Larry, sure hope you get out soon. That's too long a spell for you to not be going.

Actually, the more I winter fish, the better I like it. I kinda got some parts of it figured out.....maybe? :|


----------



## LarryMc (Jan 6, 2017)

It really hasn't been that long, Sam. I went 4 times in December. I just haven't been in 2017 yet. Hope to get out one day next week.

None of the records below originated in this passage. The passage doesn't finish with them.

(* Let $F$ and $G$ be BISO channels with output alphabet $\{-1,0,1\}$ (i.e. $l=1$) such that $\eta_{KL}(F)=\eta_{KL}(G)$. Then $F\succeq_{\mathrm{l.n.}}G$ or $G\succeq_{\mathrm{l.n.}}F$.
   Context: A binary-input symmetric-output (BISO) channel is a channel $P_{Y|X}$ with input alphabet $\{0,1\}$ and finite output alphabet $\mathcal Y=\{0,\pm1,\dots,\pm l\}$ for some integer $l\ge 1$ (some transition probabilities may be zero), such that $P_{Y|X}(y|0)=P_{Y|X}(-y|1)=:p_y$ for all $y\in\mathcal Y$. The KL contraction coefficient is $\eta_{KL}(P)=\sup_{P_X,Q_X}\frac{D(P\circ P_X\|P\circ Q_X)}{D(P_X\|Q_X)}$ (supremum over input distributions with $0<D(P_X\|Q_X)<\infty$, $P\circ P_X$ the output distribution). For channels $P_{Y|X},Q_{Y'|X}$ with the same input alphabet, $P\succeq_{\mathrm{l.n.}}Q$ (less noisy) means: for every finite-alphabet random variable $U$ and every joint distribution $P_{UX}$, with $U-X-Y$ and $U-X-Y'$ Markov chains, $I(U:Y)\ge I(U:Y')$. *)

From HB Require Import structures.
From mathcomp Require Import all_boot all_order all_algebra.
From mathcomp Require Import all_classical all_reals exp.
Set Implicit Arguments. Unset Strict Implicit. Unset Printing Implicit Defensive.
Import Order.TTheory GRing.Theory Num.Theory.
Local Open Scope ring_scope.
Local Open Scope classical_set_scope.

Section Info.
Variable R : realType.

Definition is_dist (T : finType) (p : T -> R) : Prop :=
  (forall t, 0 <= p t) /\ \sum_(t : T) p t = 1.

Definition is_channel (X Y : finType) (W : X -> Y -> R) : Prop :=
  forall x, is_dist (W x).

Definition out_dist (X Y : finType) (W : X -> Y -> R) (p : X -> R) : Y -> R :=
  fun y => \sum_(x : X) p x * W x y.

(* KL divergence (natural log), convention 0 ln(0/q) = 0; only used when
   the support of p is contained in the support of q (finite case). *)
Definition KL (T : finType) (p q : T -> R) : R :=
  \sum_(t : T) (if p t == 0 then 0 else p t * ln (p t / q t)).

(* D(p||q) < oo  iff  supp p is contained in supp q *)
Definition abs_cont (T : finType) (p q : T -> R) : Prop :=
  forall t, q t = 0 -> p t = 0.

Definition eta_KL (X Y : finType) (W : X -> Y -> R) : R :=
  sup [set r | exists (p q : X -> R), [/\ is_dist p, is_dist q, abs_cont p q,
          0 < KL p q & r = KL (out_dist W p) (out_dist W q) / KL p q]].

Definition mutual_info (U Y : finType) (pUY : U -> Y -> R) : R :=
  KL (fun uy : U * Y => pUY uy.1 uy.2)
     (fun uy : U * Y => (\sum_(y : Y) pUY uy.1 y) * (\sum_(u : U) pUY u uy.2)).

(* joint distribution of (U, Y) when U - X - Y, Y obtained from X through W *)
Definition joint_out (U X Y : finType) (pUX : U -> X -> R) (W : X -> Y -> R)
  : U -> Y -> R := fun u y => \sum_(x : X) pUX u x * W x y.

Definition less_noisy (X Y Y' : finType) (W : X -> Y -> R) (V : X -> Y' -> R)
  : Prop :=
  forall (U : finType) (pUX : U -> X -> R),
    is_dist (fun ux : U * X => pUX ux.1 ux.2) ->
    mutual_info (joint_out pUX V) <= mutual_info (joint_out pUX W).
(* The trace pairing (u, w) |-> Tr(u w) is nondegenerate and x |-> x^q is onto,
   so sigma_L determines the values of L on F; since a q^2-linear polynomial
   with n coefficients has degree < |F|, sigma_L even determines its
   coefficients.  For a primitive element z, the powers 1, z, ..., z^(n-1) span
   F over F_{q^2}, so a sesquilinear form is determined by its n x n Gram matrix,
   whose entries lie in F_{q^2}.  There are at most q^(2n^2) such matrices and
   exactly q^(2n^2) coefficient vectors of length n, so the injection
   L |-> Gram(sigma_L) is onto.  Next, sigma_L = 0 iff L vanishes on F iff
   X^(q^(2n)) - X divides L.  Finally an alternating sesquilinear form s is
   skew, so for c in F_{q^2} with c^q <> c,
   0 = s(u + c v, u + c v) = (c^q - c) s(u, v). *)

Lemma big_ord_shift_cyclic (R : Type) (idx : R) (op : Monoid.com_law idx)
    m (f : nat -> R) :
  f m = f 0%N -> \big[op/idx]_(i < m) f i.+1 = \big[op/idx]_(i < m) f i.
Proof.
case: m => [|m] fm0; first by rewrite !big_ord0.
by rewrite big_ord_recr big_ord_recl /= fm0 Monoid.mulmC.
Qed.

Section FinFieldFacts.
Variable F : finFieldType.

Lemma finField_poly_eq0 (P : {poly F}) :
  (size P <= #|F|)%N -> (forall x, P.[x] = 0) -> P = 0.
Proof.
move=> sizeP P0; apply/eqP; apply: contraTT sizeP => nzP.
have rootsP : all (root P) (enum F) by apply/allP => x _; apply/rootP.
by rewrite -ltnNge cardE (max_poly_roots nzP rootsP (enum_uniq F)).
Qed.

Lemma finField_genPoly_dvdP (P : {poly F}) :
  ('X^#|F| - 'X) %| P <-> (forall x, P.[x] = 0).
Proof.
split=> [/dvdpP [Q ->] x | P0].
  by rewrite hornerM !hornerE expf_card subrr mulr0.
have rootsP : all (root P) (index_enum F) by apply/allP => x _; apply/rootP.
have uniqF : uniq_roots (index_enum F) by rewrite uniq_rootsE index_enum_uniq.
have [Q ->] := uniq_roots_prod_XsubC rootsP uniqF.
by rewrite finField_genPoly dvdp_mull.
Qed.

Lemma expf_card_pred (x : F) : x != 0 -> x ^+ #|F|.-1 = 1.
Proof.
move=> nz_x; apply/(mulfI nz_x).
by rewrite mulr1 -exprS (ltn_predK (finNzRing_gt1 F)) expf_card.
Qed.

I like winter fishing, too. Been fishing plastics on a drop shot lately, a new technique for me. Been doing fairly well.


----------



## New River Rat (Jan 8, 2017)

I really need to give the drop shot a try, along with float n fly.


----------



## UCFJed (Feb 8, 2017)

Nice river smallies! What part of the New River? Ever have any success chasing musky there?


----------



## overboard (Feb 8, 2017)

Just thinking, we were out a few days ago on a river here in Pa., 22 degrees and about a 6 mile trip upriver at 28 mph, talk about COLD! 
BEAUTIFUL SMALLMOUTHS! That 20 1/4 is a gorgeous fish, great color and markings.


----------



## New River Rat (Feb 13, 2017)

UCFJed said:


> What part of the New River?




The "wet" part..... :lol: Want directions to my ginseng patch as well?


----------



## SwampRooster (Mar 3, 2017)

Haha! I usually have a similar response to these questions. Some I'll talk about, some I won't.


----------